Sensitivity Analyses
The results for MetS defined by CDS, NCEP or JIS were similar to the main analysis ( Table S1 ). The results of excluding outcome events occurring within the first year of follow-up or received medical treatment respectively also were consistent with the main analysis ( Table S2 and Table S3 ). Taking into account the competitive risk of non-cardiovascular death, we used the Fine-Gray model to assess the association of new-onset MetS at different ages group with CVD, the result still was steady ( Table S4 ).
Discussion
The important finding of this study was that new-onset MetS of all ages are related to an increase in relative risk of CVD, and the risk is age-dependent. Alternatively, the relative risk of the MetS and CVD attenuates with increasing onset age. Similar patterns were found in subtypes of CVD, and the results remained robust among sensitivity analyses. The results demonstrate individuals having a younger MetS onset age had a higher relative risk of incident CVD.
To the best of our knowledge, merely a few studies have examined the association of the MetS with CVD risk in individuals of different ages. ULSAM study had found that the association of the MetS with CVD risk reduced with the increasing age; and the risk ratio and 95% CI of the MetS and CVD risk dropped from 2.77 (1.90–4.05) at 50 years of age to 1.30 (1.05–1.60) at 82 years (8). However, as they did not consider the diagnosis time of MetS, it was impossible to determine the exposure time of MetS before observation began. Whereas our study reported that the relative risk of the MetS and CVD progressively reduced as onset age increased, and the HR and 95% CI decreased from 1.84 (1.31–2.57) at age < 45 years to 1.28 (1.10–1.50) at age ≥65 years. The participants of our study had the exact diagnosis time of the MetS, which could mitigate the impact of underlying prevalence-incidence bias, unlike the ULSAM study; thus, the association between exposure and outcome was more reliable. In this case, it can be observed that the results of the ULSAM study may overestimate the relative risk of the MetS and CVD when compared with our study. Although there is no study similar to ours at present, Dugani et al. detected that the HR and 95% CI of the MetS with coronary heart disease (CHD) in women aged below 50 years was 6.09 (3.60–10.29) in the study exploring the association between multiple risk factors and onset age of CHD in women, and this risk decreased with the increasing onset age of CHD (23). In addition, Eddy et al. reported that among the components of MetS, the most important single factor for identifying CVD risk was hyperglycemia, with hypertension, obesity, increased triglycerides and decreased HDL following in that order (24). Indeed, existing evidence indicated that hyperglycemia and hypertension are strongly associated with the incident of CVD (25–27). Recent studies have discovered that among the major components of the MetS, young individuals with new-onset hypertension or diabetes have a higher relative risk of CVD (9–11), which indirectly supports our findings.

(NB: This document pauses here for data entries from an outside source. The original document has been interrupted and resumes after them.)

(* Assume $0<c<1$ and let $b=\tfrac12-c$. For each $\delta>0$ there is an irreducible aperiodic Markov subsystem $T:\bigcup_{j=1}^mJ_j\to\mathbb T$ whose maximal invariant set contains $K_\delta:=\{x\in\mathbb T:d(T^nx,b)\ge\delta\ \forall n\ge0\}$ and does not contain $b$.
   Context: $\mathbb T=\mathbb R/\mathbb Z$, $Tx=2x\bmod1$, $d$ the usual distance on $\mathbb T$. A Markov subsystem $T:\bigcup_{j=1}^mJ_j\to\mathbb T$ is given by closed subintervals $J_1,\dots,J_m$ of $\mathbb T\setminus\{b\}$ with pairwise disjoint interiors such that $T|_{J_j}$ is a homeomorphism onto the subinterval $T(J_j)$ for each $j$, and for each $j,k$ either $T(J_j^o)\cap J_k^o=\emptyset$ or $T(J_j)\supset J_k$. Its maximal invariant set is $\bigcap_{n\ge1}T^{-n}(J_1\cup\dots\cup J_m)$ (intersected with $\bigcup_jJ_j$). It is irreducible if for all $j,k$ there are $j_0=j,j_1,\dots,j_s=k$ with $T(J_{j_i})\supset J_{j_{i+1}}$ for $0\le i<s$, and an irreducible one is aperiodic if there is $N\ge1$ such that for all $j,k$ there are $j_0=j,\dots,j_N=k$ with $T(J_{j_i})\supset J_{j_{i+1}}$ for $0\le i<N$. *)

(* the circle T = R/Z is modelled by 1-periodic notions on R. *)
From Stdlib Require Import Reals Lra Lia.
Open Scope R_scope.

Definition dbl (x : R) : R := frac_part (2 * x).

Fixpoint dbl_iter (n : nat) (x : R) : R :=
  match n with O => x | S n' => dbl (dbl_iter n' x) end.

Definition eqT (x y : R) : Prop := frac_part (x - y) = 0.

Definition distT (x y : R) : R :=
  Rmin (frac_part (x - y)) (1 - frac_part (x - y)).

(* a closed arc of T: the image in T of [a_start, a_start + a_len] *)
Record arc := mkArc { a_start : R; a_len : R }.

Definition in_arc (A : arc) (x : R) : Prop :=
  frac_part (x - a_start A) <= a_len A.

Definition in_arc_int (A : arc) (x : R) : Prop :=
  0 < frac_part (x - a_start A) < a_len A.

Definition covers (J : nat -> arc) (j k : nat) : Prop :=
  forall y, in_arc (J k) y -> exists x, in_arc (J j) x /\ eqT (dbl x) y.

Definition markov_subsystem (b : R) (m : nat) (J : nat -> arc) : Prop :=
  (forall j, (j < m)%nat -> 0 < a_len (J j) < 1 /\ ~ in_arc (J j) b) /\
  (forall j k, (j < m)%nat -> (k < m)%nat -> j <> k ->
     forall x, ~ (in_arc_int (J j) x /\ in_arc_int (J k) x)) /\
  (* T restricted to J_j is injective (hence a homeomorphism onto the arc T(J_j)) *)
  (forall j, (j < m)%nat -> forall x y, in_arc (J j) x -> in_arc (J j) y ->
     eqT (dbl x) (dbl y) -> eqT x y) /\
  (forall j k, (j < m)%nat -> (k < m)%nat ->
     (~ exists x, in_arc_int (J j) x /\ in_arc_int (J k) (dbl x)) \/ covers J j k).

Definition in_union (m : nat) (J : nat -> arc) (x : R) : Prop :=
  exists j, (j < m)%nat /\ in_arc (J j) x.

Definition max_invariant (m : nat) (J : nat -> arc) (x : R) : Prop :=
  forall n : nat, in_union m J (dbl_iter n x).

Definition trans_path (m : nat) (J : nat -> arc) (s j k : nat) : Prop :=
  exists p : nat -> nat, p O = j /\ p s = k /\
    (forall i, (i <= s)%nat -> (p i < m)%nat) /\
    (forall i, (i < s)%nat -> covers J (p i) (p (S i))).

Definition irreducible (m : nat) (J : nat -> arc) : Prop :=
  forall j k, (j < m)%nat -> (k < m)%nat -> exists s, trans_path m J s j k.

Definition aperiodic (m : nat) (J : nat -> arc) : Prop :=
  irreducible m J /\
  exists N, (1 <= N)%nat /\
    forall j k, (j < m)%nat -> (k < m)%nat -> trans_path m J N j k.

From Stdlib Require Import Reals Lra Lia ZArith Arith Bool Classical.
Open Scope R_scope.

(* Cut the circle into the 2^q dyadic arcs [A/2^q, (A+1)/2^q], where 2^-q < delta. The doubling
   map sends each of them onto two adjacent ones, so every family of such arcs is a Markov
   subsystem, and following a point through the arcs amounts to reading its binary expansion through
   a sliding window of q digits. Keep every arc except the one or two that contain b: the discarded
   points lie within 2^-q < delta of b, so K_delta stays in the maximal invariant set while b leaves
   it. Irreducibility and aperiodicity then amount to joining any two allowed q-digit words by binary
   strings of one fixed length none of whose windows is a forbidden word:
   - if b = 0, the forbidden words 0^q and 1^q are avoided by an alternating filler;
   - if b is not dyadic, q is chosen so that the forbidden word (the first q digits of b) begins and
     ends with the same digit a, and a block of ¬a's separates any two words;
   - if b = (2M+1)/2^(al+1), the forbidden words are A 1 0^J and A 0 1^J; the route passes through a
     filler without three equal consecutive digits and then through the hub a ¬a^(q-1).
   The hypothesis 0 < c < 1 excludes b = 1/2, where the forbidden words 01^(q-1) and 10^(q-1) would
   disconnect the graph. *)

(** * Arithmetic on the circle *)

Lemma frac_part_le_iff (r l : R) : 0 <= l < 1 ->
  frac_part r <= l <-> exists k : Z, IZR k <= r <= IZR k + l.
Proof.
  intros Hl; split.
  - intros H. exists (Int_part r). pose proof (Rplus_Int_part_frac_part r).
    pose proof (base_fp r). lra.
  - intros [k Hk].
    destruct (Int_part_frac_part_spec r k (r - IZR k)) as [_ <-]; lra.
Qed.

Lemma frac_part_interior_iff (r l : R) : 0 < l <= 1 ->
  0 < frac_part r < l <-> exists k : Z, IZR k < r < IZR k + l.
Proof.
  intros Hl; split.
  - intros H. exists (Int_part r). pose proof (Rplus_Int_part_frac_part r). lra.
  - intros [k Hk].
    destruct (Int_part_frac_part_spec r k (r - IZR k)) as [_ <-]; lra.
Qed.

Lemma eqT_iff (x y : R) : eqT x y <-> exists k : Z, x - y = IZR k.
Proof.
  split; [apply fp_nat|].
  intros [k Hk]. unfold eqT. rewrite Hk.
  destruct (Int_part_frac_part_spec (IZR k) k 0) as [_ <-]; lra.
Qed.

Lemma eqT_dbl_iff (x y : R) : eqT (dbl x) y <-> exists k : Z, 2 * x - y = IZR k.
Proof.
  rewrite eqT_iff. unfold dbl, frac_part.
  split; intros [k Hk]; [exists (k + Int_part (2 * x))%Z | exists (k - Int_part (2 * x))%Z];
    rewrite ?plus_IZR, ?minus_IZR; lra.
Qed.

Lemma Z_eq_of_close (a c : Z) : IZR a < IZR c + 1 -> IZR c < IZR a + 1 -> a = c.
Proof.
  rewrite <- !(plus_IZR _ 1). intros H1%lt_IZR H2%lt_IZR. lia.
Qed.

Lemma INR_pow2 (q : nat) : INR (2 ^ q) = 2 ^ q.
Proof. rewrite pow_INR. reflexivity. Qed.

Lemma pow2_inv_small (eps : R) : 0 < eps -> exists k0, forall k, (k0 <= k)%nat -> / 2 ^ k < eps.
Proof.
  intros He. destruct (pow_lt_1_zero (/ 2) ltac:(rewrite Rabs_pos_eq; lra) eps He) as [k0 Hk0].
  exists k0. intros k Hk. specialize (Hk0 k Hk).
  rewrite Rabs_pos_eq, pow_inv in Hk0 by (apply pow_le; lra). exact Hk0.
Qed.

Lemma eq_0_of_pow2_bounded (e : R) : (forall d, Rabs e * 2 ^ d <= 1) -> e = 0.
Proof.
  intros H. destruct (Req_dec e 0) as [E|Hne]; [exact E|exfalso].
  pose proof (Rabs_pos_lt e Hne).
  destruct (pow2_inv_small (Rabs e) ltac:(lra)) as [k0 Hk0].
  specialize (Hk0 k0 (le_n _)). specialize (H (S k0)). pose proof (pow_lt 2 k0 ltac:(lra)).
  apply (Rmult_lt_compat_r (2 ^ k0)) in Hk0; [|lra]. rewrite Rinv_l in Hk0 by lra.
  simpl in H. nra.
Qed.

Lemma distT_le (w b : R) (k : Z) : distT w b <= Rabs (w - b - IZR k).
Proof.
  unfold distT. pose proof (Rplus_Int_part_frac_part (w - b)). pose proof (base_fp (w - b)).
  set (f := frac_part (w - b)) in *. set (I := Int_part (w - b)) in *.
  destruct (Z.lt_total k I) as [Hl|[->|Hg]].
  - assert (IZR k + 1 <= IZR I) by (rewrite <- plus_IZR; apply IZR_le; lia).
    apply (Rle_trans _ f); [apply Rmin_l|]. rewrite Rabs_right; lra.
  - apply (Rle_trans _ f); [apply Rmin_l|]. rewrite Rabs_right; lra.
  - assert (IZR I + 1 <= IZR k) by (rewrite <- plus_IZR; apply IZR_le; lia).
    apply (Rle_trans _ (1 - f)); [apply Rmin_r|]. rewrite Rabs_left; lra.
Qed.

Lemma distT_le_scaled (w b : R) (q : nat) (s : Z) :
  Rabs (frac_part w * 2 ^ q - frac_part b * 2 ^ q - 2 ^ q * IZR s) <= 1 -> distT w b <= / 2 ^ q.
Proof.
  intros H. pose proof (pow_lt 2 q ltac:(lra)).
  apply (Rle_trans _ _ _ (distT_le w b (Int_part w - Int_part b + s))).
  replace (w - b - IZR (Int_part w - Int_part b + s)) with (frac_part w - frac_part b - IZR s)
    by (rewrite plus_IZR, minus_IZR; pose proof (Rplus_Int_part_frac_part w);
        pose proof (Rplus_Int_part_frac_part b); lra).
  apply (Rmult_le_reg_l (2 ^ q)); [lra|]. rewrite Rinv_r by lra.
  rewrite <- (Rabs_pos_eq (2 ^ q)) at 1 by lra. rewrite <- Rabs_mult.
  replace (2 ^ q * (frac_part w - frac_part b - IZR s)) with
    (frac_part w * 2 ^ q - frac_part b * 2 ^ q - 2 ^ q * IZR s) by ring.
  exact H.
Qed.

(** * Arcs of a uniform grid and the doubling map *)

Section GridArcs.
Variable n : nat.
Hypothesis Hn : (3 <= n)%nat.

Definition grid_arc (A : Z) : arc := mkArc (IZR A / INR n) (/ INR n).

Let N := INR n.

Let N_ge3 : 3 <= N.
Proof. unfold N. replace 3 with (INR 3) by (simpl; lra). apply le_INR; lia. Qed.

Lemma grid_len : 0 < / N < 1.
Proof.
  pose proof N_ge3. split; [apply Rinv_0_lt_compat; lra|].
  rewrite <- Rinv_1. apply Rinv_lt_contravar; lra.
Qed.

Lemma in_grid_arc_iff (A : Z) (x : R) : in_arc (grid_arc A) x <->
  exists k : Z, IZR A + N * IZR k <= N * x <= IZR A + 1 + N * IZR k.
Proof.
  pose proof N_ge3. pose proof grid_len.
  assert (Ni : N * / N = 1) by (field; lra).
  unfold in_arc, grid_arc; simpl. fold N. rewrite frac_part_le_iff by lra.
  set (a := IZR A / N). assert (Ha : IZR A = N * a) by (unfold a; field; lra).
  rewrite Ha. set (i := / N) in *.
  split; intros [k Hk]; exists k; split; nra.
Qed.

Lemma in_grid_arc_int_iff (A : Z) (x : R) : in_arc_int (grid_arc A) x <->
  exists k : Z, IZR A + N * IZR k < N * x < IZR A + 1 + N * IZR k.
Proof.
  pose proof N_ge3. pose proof grid_len.
  assert (Ni : N * / N = 1) by (field; lra).
  unfold in_arc_int, grid_arc; simpl. fold N. rewrite frac_part_interior_iff by lra.
  set (a := IZR A / N). assert (Ha : IZR A = N * a) by (unfold a; field; lra).
  rewrite Ha. set (i := / N) in *.
  split; intros [k Hk]; exists k; split; nra.
Qed.

Let nz := Z.of_nat n.
Let N_IZR : N = IZR nz := INR_IZR_INZ n.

Consistent with the trend of MetS young onset, the incidence of CVD in young individuals (18–50 years old) also showed a steady upward trend (28, 29). However, there may be subtype differences between the MetS and growing CVD risk in young individuals. ULSAM study had found that the risk ratio of the MetS and MI at age 50 was 2.87 (1.48–4.48), lower than that of IS, being 3.55 (1.38–9.10) (8). Whereas, in our study, it was detected that the HR for the new-onset MetS and MI at age <45 years was 3.14 (1.31–7.50), higher than that of IS being 1.97 (1.30–2.98). This discrepancy between the ULSAM study result and ours may be owing to the participants in our study being Asians, and the young population was relatively younger and had the exact MetS exposure time; however, our results should be replicated among other groups.

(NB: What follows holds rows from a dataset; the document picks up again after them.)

(* Let $k\ge 2$ and let $P$ be a finite poset excluding $\mathbf{k}+\mathbf{k}$, of height $h$. If every convex subposet $Q$ of $P$ of height at most $4k-4$ satisfies $\dim(Q)\le d_1$, then $\dim(P)\le (h+1)d_1$.
   Context: $\mathbf{k}+\mathbf{k}$ is the disjoint union of two $k$-element chains with all points of one incomparable to all points of the other; $P$ excludes it if no subposet is isomorphic to it. A subposet $Q$ is convex if $x,z\in Q$ and $x<y<z$ imply $y\in Q$. $\dim$ denotes the Dushnik–Miller dimension. *)

From mathcomp Require Import all_boot.
Set Implicit Arguments. Unset Strict Implicit. Unset Printing Implicit Defensive.

Section Posets.
Variable T : finType.

Definition partial_order (le : rel T) : Prop :=
  [/\ reflexive le, antisymmetric le & transitive le].

(* The order of k + k on 'I_k + 'I_k: two disjoint chains, mutually incomparable. *)
Definition kk_le (k : nat) (a b : 'I_k + 'I_k) : bool :=
  match a, b with
  | inl i, inl j => (i <= j)%N
  | inr i, inr j => (i <= j)%N
  | _, _ => false
  end.

Definition contains_kk (le : rel T) (k : nat) : Prop :=
  exists phi : 'I_k + 'I_k -> T,
    injective phi /\ forall a b, le (phi a) (phi b) = kk_le a b.

Definition excludes_kk (le : rel T) (k : nat) : Prop := ~ contains_kk le k.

Since our study was an observational study, it was unable to determine the mechanism of the new-onset MetS and the relative risk of CVD at different ages; however, it may be attributed to the following factors. Firstly, central obesity is dominant in the MetS, and the results of a large meta-analysis (30) demonstrated that obesity in young individuals was more susceptible to genetic susceptibility than that in the elderly population. Genetic variation associated with the MetS has also been proven to be associated with CVD (31–33); therefore, the genetic variation leading to the occurrence of MetS may directly lead to an increased risk of CVD. Secondly, the new-onset MetS has been linked to unhealthy lifestyles among young individuals, such as high-fat and high-sugar diets, smoking, drinking, and lack of exercise, which are also risk factors for CVD. Finally, most young individuals are not aware of the increased risk of CVD brought by the MetS. Compared with the elderly, young individuals have lower awareness, treatment, and control rate of hypertension, diabetes, or dyslipidemia (34–36); therefore, young new-onset MetS had not received good intervention and treatment, which might be one of the reasons for the significant increase in CVD risk.

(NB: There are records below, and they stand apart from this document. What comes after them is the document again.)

Lemma tr_MC_pre D xi : MC_pre g D xi -> MC_pre (tr_g A g) (tr_D A B s g D) (tr_xi A B g xi).
Proof.
  intros [HD [_ [Hxi [HE1 [c [Hc HE2]]]]]].
  assert (HE1' : E1_rhs g = fun _ => 0)
    by (apply functional_extensionality; intro p; symmetry; apply HE1).
  split; [|split; [|split; [|split]]].
  - rewrite tr_D_rescale.
    apply frame_rescale; [exact norm_factor_smooth | exact norm_factor_neq0 | exact HD].
  - intro i. unfold tr_g. smooth_auto.
  - unfold tr_xi. smooth_auto.
  - intro p. unfold tr_g. transitivity (A p * A p * E1_rhs g p);
      [rewrite HE1'; ring | unfold E1_rhs; ring].
  - exists (rescale_struct (norm_factor A B s g) D c).
    split; [apply tr_structure_fns; assumption|].
    intros i p. change (0 = E2_rhs (tr_g A g) (tr_D A B s g D) (tr_xi A B g xi)
      (rescale_struct (norm_factor A B s g) D c) i p).
    rewrite E2_rhs_tr by assumption. rewrite HE1', vapp_const.
    specialize (HE2 i p). change (0 = E2_rhs g D xi c i p) in HE2. rewrite <- HE2. ring.
Qed.

Lemma rescale_struct_123 D c p : rescale_struct (norm_factor A B s g) D c I1 I2 I3 p
  = s * A p * rpow (B p) (2 * g I1 p) * c I1 I2 I3 p.
Proof.
  assert (HAp := HApos p).
  assert (Hexp : forall x, exp x <> 0) by (intro x; apply Rgt_not_eq, exp_pos).
  unfold rescale_struct, norm_factor, rpow. simpl.
  assert (K : exp ((g I3 p + g I1 p) * ln (B p)) * exp ((g I1 p + g I2 p) * ln (B p))
            = exp (2 * g I1 p * ln (B p)) * exp ((g I2 p + g I3 p) * ln (B p)))
    by (rewrite <- !exp_plus; f_equal; ring).
  transitivity (s * A p * (exp ((g I3 p + g I1 p) * ln (B p)) * exp ((g I1 p + g I2 p) * ln (B p)))
    * c I1 I2 I3 p / exp ((g I2 p + g I3 p) * ln (B p))).
  - field. repeat split; auto; lra.
  - rewrite K. field. auto.
Qed.

Lemma tr_MC_normal_iff D xi c : MC_pre g D xi -> structure_fns D c ->
  (forall p, g I1 p > 0 /\ g I2 p < 0 /\ g I3 p < 0) ->
  MC_normal (tr_g A g) (tr_D A B s g D) (tr_xi A B g xi) <-> normalizing A B s (g I1) (c I1 I2 I3).
Proof.
  intros Hpre Hc Hsign.
  assert (HE1 := proj1 (proj2 (proj2 (proj2 Hpre)))).
  assert (Hpre' := tr_MC_pre D xi Hpre).
  assert (Hc' := tr_structure_fns D c (proj1 Hpre) Hc).
  split.
  - intros [_ [[u [_ [_ Hu]]] H123]]. split.
    + intro p. destruct (Hu p) as [H1 _]. unfold tr_g in H1. lra.
    + intro p. rewrite <- (rescale_struct_123 D c). apply H123, Hc'.
  - intros [HAg H123]. split; [exact Hpre' | split].
    + exists (fun p => - (g I1 p + g I2 p) / g I1 p).
      assert (Hg1 : forall p, g I1 p <> 0) by (intro p; specialize (Hsign p); lra).
      split; [apply smooth_div; smooth_auto|].
      assert (Hnf := fun p => E1_normal_form _ _ _ (A p) (HE1 p)
        (proj1 (Hsign p)) (proj1 (proj2 (Hsign p))) (proj2 (proj2 (Hsign p))) (HAg p)).
      split; [intro p; apply Hnf|].
      intro p. unfold tr_g. destruct (Hnf p) as [_ [H2 H3]]. repeat split; [| exact H2 | exact H3].
      rewrite HAg. ring.
    + intros c' Hc'' p.
      rewrite (structure_fns_unique _ _ _ (proj1 Hpre') Hc' Hc''), rescale_struct_123.
      apply H123.
Qed.

End Normalization.

Lemma normalizing_exists (g1 c123 : pt -> R) : smooth g1 -> (forall p, 0 < g1 p) ->
  smooth c123 -> (forall p, c123 p <> 0) ->
  exists A B s, smooth A /\ smooth B /\ (forall p, A p > 0 /\ B p > 0) /\ (s = 1 \/ s = -1) /\
    normalizing A B s g1 c123.
Proof.
  intros Hg1 Hg1pos Hc Hc0.
  destruct (unit_sign_exists c123 (cont3_constant_sign _ (smooth_cont3 _ Hc) Hc0))
    as [s [Hs Hsc]].
  assert (Hg1' : forall p, 2 * g1 p <> 0) by (intro p; specialize (Hg1pos p); lra).
  set (A := fun p => / (2 * g1 p)).
  assert (HApos : forall p, 0 < A p)
    by (intro p; apply Rinv_0_lt_compat; specialize (Hg1pos p); lra).
  assert (HsAc : forall p, s * A p * c123 p < 0).
  { intro p. specialize (Hsc p). specialize (HApos p). nra. }
  set (X := fun p => -2 / (s * A p * c123 p)).
  assert (HXpos : forall p, 0 < X p).
  { intro p. specialize (HsAc p). unfold X. apply Rdiv_neg_neg; lra. }
  set (B := fun p => rpow (X p) (/ (2 * g1 p))).
  assert (HA : smooth A) by (apply smooth_inv; [exact Hg1' | smooth_auto]).
  exists A, B, s. split; [exact HA | split; [| split; [| split; [exact Hs | split]]]].
  - apply smooth_rpow; [exact HXpos | | apply smooth_inv; [exact Hg1' | smooth_auto]].
    apply smooth_div; [intro p; specialize (HsAc p); lra | smooth_auto | smooth_auto].
  - intro p. split; [apply HApos | apply rpow_pos].
  - intro p. unfold A. field. specialize (Hg1pos p); lra.
  - intro p. unfold B. rewrite rpow_rpow, Rinv_l, rpow_1 by auto.
    unfold X. field. assert (HAp := HApos p). repeat split; [apply Hc0 | lra | destruct Hs; lra].
Qed.

Lemma normalizing_sign A B s g1 c123 p : (forall p, 0 < g1 p) ->
  normalizing A B s g1 c123 -> s * c123 p < 0.
Proof.
  intros Hg1 [HA Hc]. specialize (HA p). specialize (Hc p). specialize (Hg1 p).
  assert (Hr := rpow_pos (B p) (2 * g1 p)).
  assert (HAp : 0 < A p) by (apply (Rmult_lt_reg_r (g1 p)); [lra | rewrite HA; lra]).
  assert (HAr : 0 < A p * rpow (B p) (2 * g1 p)) by (apply Rmult_lt_0_compat; assumption).
  nra.
Qed.

Lemma normalizing_unique A B s A' B' s' g1 c123 : (forall p, 0 < g1 p) ->
  (forall p, 0 < B p /\ 0 < B' p) -> (s = 1 \/ s = -1) -> (s' = 1 \/ s' = -1) ->
  normalizing A B s g1 c123 -> normalizing A' B' s' g1 c123 -> A' = A /\ B' = B /\ s' = s.
Proof.
  intros Hg1 HB Hs Hs' Hn Hn'.
  assert (Hg1' : forall p, g1 p <> 0) by (intro p; specialize (Hg1 p); lra).
  assert (EA : A' = A).
  { apply functional_extensionality; intro p. apply (Rmult_eq_reg_r (g1 p)); [|apply Hg1'].
    rewrite (proj1 Hn p), (proj1 Hn' p). reflexivity. }
  subst A'.
  assert (Es : s' = s).
  { apply (unit_sign_unique s s' (c123 (0, 0, 0))); try assumption;
      eapply normalizing_sign; eassumption. }
  subst s'. split; [reflexivity | split; [|reflexivity]].
  apply functional_extensionality; intro p.
  destruct (HB p) as [HBp HB'p].
  apply (rpow_inj_l _ _ (2 * g1 p)); try assumption; [specialize (Hg1 p); lra|].
  assert (E := proj2 Hn p). assert (E' := proj2 Hn' p).
  apply (Rmult_eq_reg_r (s * A p * c123 p)).
  - transitivity (-2); [rewrite <- E' | rewrite <- E]; ring.
  - intro H0. replace (s * A p * rpow (B p) (2 * g1 p) * c123 p) with
      (s * A p * c123 p * rpow (B p) (2 * g1 p)) in E by ring.
    rewrite H0 in E. lra.
Qed.

Theorem lemma6p8 (g : idx -> pt -> R) (D : idx -> VF) (xi : pt -> R) :
  MC_pre g D xi ->
  (forall p, g I1 p > 0 /\ g I2 p < 0 /\ g I3 p < 0) ->
  (forall c, structure_fns D c -> forall p, c I1 I2 I3 p <> 0) ->
  exists (A B : pt -> R) (s : R),
    (smooth A /\ smooth B /\ (forall p, A p > 0 /\ B p > 0) /\ (s = 1 \/ s = -1) /\
     MC_normal (tr_g A g) (tr_D A B s g D) (tr_xi A B g xi)) /\
    forall (A' B' : pt -> R) (s' : R),
      smooth A' -> smooth B' -> (forall p, A' p > 0 /\ B' p > 0) -> (s' = 1 \/ s' = -1) ->
      MC_normal (tr_g A' g) (tr_D A' B' s' g D) (tr_xi A' B' g xi) ->
      A' = A /\ B' = B /\ s' = s.
Proof.
  intros Hpre Hsign Hc0.
  assert (Hpre' := Hpre). destruct Hpre' as [HD [Hg [_ [_ [c [Hc _]]]]]].
  assert (Hg1 : forall p, 0 < g I1 p) by (intro p; apply Hsign).
  assert (Hunit : forall s, s = 1 \/ s = -1 -> s <> 0) by (intros s [-> | ->]; lra).
  assert (Hnormal_iff := fun A B s HA HB HAB Hs => tr_MC_normal_iff A B s g HA HB Hg
    (fun p => proj1 (HAB p)) (fun p => proj2 (HAB p)) (Hunit s Hs) D xi c Hpre Hc Hsign).
  destruct (normalizing_exists (g I1) (c I1 I2 I3) (Hg I1) Hg1
    (structure_fns_smooth D c I2 I3 HD Hc) (Hc0 c Hc)) as [A [B [s [HA [HB [HAB [Hs Hn]]]]]]].
  exists A, B, s. split.
  - do 4 (split; [assumption|]). apply (Hnormal_iff A B s); assumption.
  - intros A' B' s' HA' HB' HAB' Hs' Hn'.
    apply (normalizing_unique A B s A' B' s' (g I1) (c I1 I2 I3) Hg1); try assumption.
    + intro p. split; [apply HAB | apply HAB'].
    + apply (Hnormal_iff A' B' s'); assumption.
Qed.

The significance of our study is to find that new-onset MetS are associated with a higher relative risk of CVD among young individuals. Moreover, the adverse outcomes of young individuals will lead to serious loss of the labor force, longer survival time with the disease, large consumption of medical resources, and increasing economic burden of society and family. In addition, studies have demonstrated that once diabetes, hypertension, or hyperlipidemia occurs, even if blood glucose, blood pressure, or blood lipids reach the control target, there is still a residual risk of CVD (37, 38). Therefore, young individuals should be encouraged to actively quit smoking, lose weight, adopt Mediterranean diet and maintain physical exercise according to the international recommendations (39) to prevent the MetS and reduce the risk of CVD. At the same time, appropriate use of nutraceuticals is effective for MetS prevention to a certain extent (40). Park et al. (41) discovered that individuals who recovered from the MetS had a reduced relative risk of CVD than those featured with stable MetS; thus, early identification and intervention for MetS are also practically significant. The existing guidelines for the treatment of hypertension, diabetes, and dyslipidemia focus on combination medication that mitigates the CVD risk among middle-aged and elderly individuals while ignoring younger individuals (38, 42, 43). In this context, our results will provide new evidence that control and management of the young new-onset MetS should be strengthened at an early stage.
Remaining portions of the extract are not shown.